> Assignment: Would you copy each line of the data below that has "uphalf"?

> Saved data entries:
(* For every signed permutation $\pi\in\mathfrak{B}_n$, \[\mathfrak{d}_B(\pi)=2^{\operatorname{pe}_B(\pi)+\varsigma(\pi)}\sum_{\substack{D\subseteq\{0,1,\dots,n-1\}\\ \operatorname{Pe}_B(\pi)\subseteq D\,\triangle\,(D+1)\\ \pi(1)<0\ \Rightarrow\ 0\in D}}L_D,\] where $D+1=\{d+1:d\in D\}$ and $\triangle$ is symmetric difference.
   Context: $\mathfrak{B}_n$ is the group of signed permutations (bijections $\pi$ of $\{-n,\dots,n\}$ with $\pi(-i)=-\pi(i)$), written as words, with $\pi(0)=0$. $\operatorname{Pe}_B(\pi)$ is the set of $i\in\{1,\dots,n-1\}$ with $\pi(i-1)<\pi(i)>\pi(i+1)$, $\operatorname{pe}_B(\pi)=|\operatorname{Pe}_B(\pi)|$, and $\varsigma(\pi)$ is $0$ if $\pi(1)>0$ and $1$ if $\pi(1)<0$. Work in formal power series in commuting variables $z_0,z_1,\dots$. For $E=\{e_1<\dots<e_m\}\subseteq\{0,\dots,n-1\}$ put $e_{m+1}=n$ and $N_E=\sum_{0<i_1<\dots<i_m}z_0^{e_1}\prod_{r=1}^m z_{i_r}^{e_{r+1}-e_r}$ (so $N_\emptyset=z_0^n$), and $L_D=\sum_{D\subseteq T\subseteq\{0,\dots,n-1\}}N_T$. Let $Z$ be the totally ordered set $0<\bar1<1<\bar2<2<\cdots$, with $0$ and unbarred $j$ ''plus-type'' and barred $\bar j$ ''minus-type'', and $|0|=0$, $|\bar j|=|j|=j$. Define $\mathfrak{d}_B(\pi)=\sum\prod_{s=1}^n z_{|a_s|}$, summed over all sequences $(a_1,\dots,a_n)\in Z^n$ such that, with $a_0=0$, $a_0\le a_1\le\dots\le a_n$ and for each $s\in\{0,\dots,n-1\}$: if $\pi(s)<\pi(s+1)$ then $a_s<a_{s+1}$ or ($a_s=a_{s+1}$ is plus-type); if $\pi(s)>\pi(s+1)$ then $a_s<a_{s+1}$ or ($a_s=a_{s+1}$ is minus-type). *)

From mathcomp Require Import all_boot all_order all_algebra.
Set Implicit Arguments. Unset Strict Implicit. Unset Printing Implicit Defensive.
Import Order.TTheory GRing.Theory Num.Theory.

(* Signed permutations, written as words w = [pi(1); ...; pi(n)] of ints  *)
(* with |pi(1)|,...,|pi(n)| a permutation of 1..n.  pi(0) = 0.            *)
Definition is_signed_perm (n : nat) (w : seq int) : bool :=
  perm_eq (map absz w) (iota 1 n).

Definition piv (w : seq int) (i : nat) : int :=
  if i is j.+1 then nth 0%R w j else 0%R.

Definition PeB (n : nat) (w : seq int) : seq nat :=
  [seq i <- iota 1 n.-1 | (piv w i.-1 < piv w i)%R && (piv w i.+1 < piv w i)%R].

Definition peB (n : nat) (w : seq int) : nat := size (PeB n w).

Definition varsigma (w : seq int) : nat := (piv w 1 < 0)%R.

(* Formal power series in commuting variables z_0, z_1, ... with          *)
(* nonnegative integer coefficients are represented by their coefficient  *)
(* function  seq nat -> nat : the monomial z_{x_1} ... z_{x_k} is encoded *)
(* by the sorted list [x_1 <= ... <= x_k] of its variable indices (with   *)
(* multiplicity).  The monomial of an arbitrary list s of indices is      *)
(* sort leq s.  A sum  Sum_t  prod(word t)  has coefficient at m the      *)
(* number of t with sort leq (word t) = m.  Each sum below ranges over a  *)
(* countable family; for a fixed m only finitely many terms can produce   *)
(* m, and we count over an explicit finite range containing them all.     *)
Definition maxl (m : seq nat) : nat := foldr maxn 0 m.

(* The totally ordered set Z = 0 < 1bar < 1 < 2bar < 2 < ... is encoded   *)
(* by nat codes: 0 |-> 0, jbar |-> 2j-1, j |-> 2j (j >= 1).  This is an   *)
(* order isomorphism onto nat.  |c| = uphalf c; plus-type iff c is even.  *)
Definition Zabs (c : nat) : nat := uphalf c.
Definition Zplus (c : nat) : bool := ~~ odd c.
Definition Zminus (c : nat) : bool := odd c.

Definition dB_valid (n : nat) (w : seq int) (a : seq nat) : bool :=
  let a' := 0 :: a in
  [forall s : 'I_n,
     let x := nth 0 a' s in let y := nth 0 a' s.+1 in
     [&& x <= y,
         (piv w s < piv w s.+1)%R ==> ((x < y) || ((x == y) && Zplus x))
       & (piv w s.+1 < piv w s)%R ==> ((x < y) || ((x == y) && Zminus x))]].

> Result:
(* order isomorphism onto nat.  |c| = uphalf c; plus-type iff c is even.  *)
Definition Zabs (c : nat) : nat := uphalf c.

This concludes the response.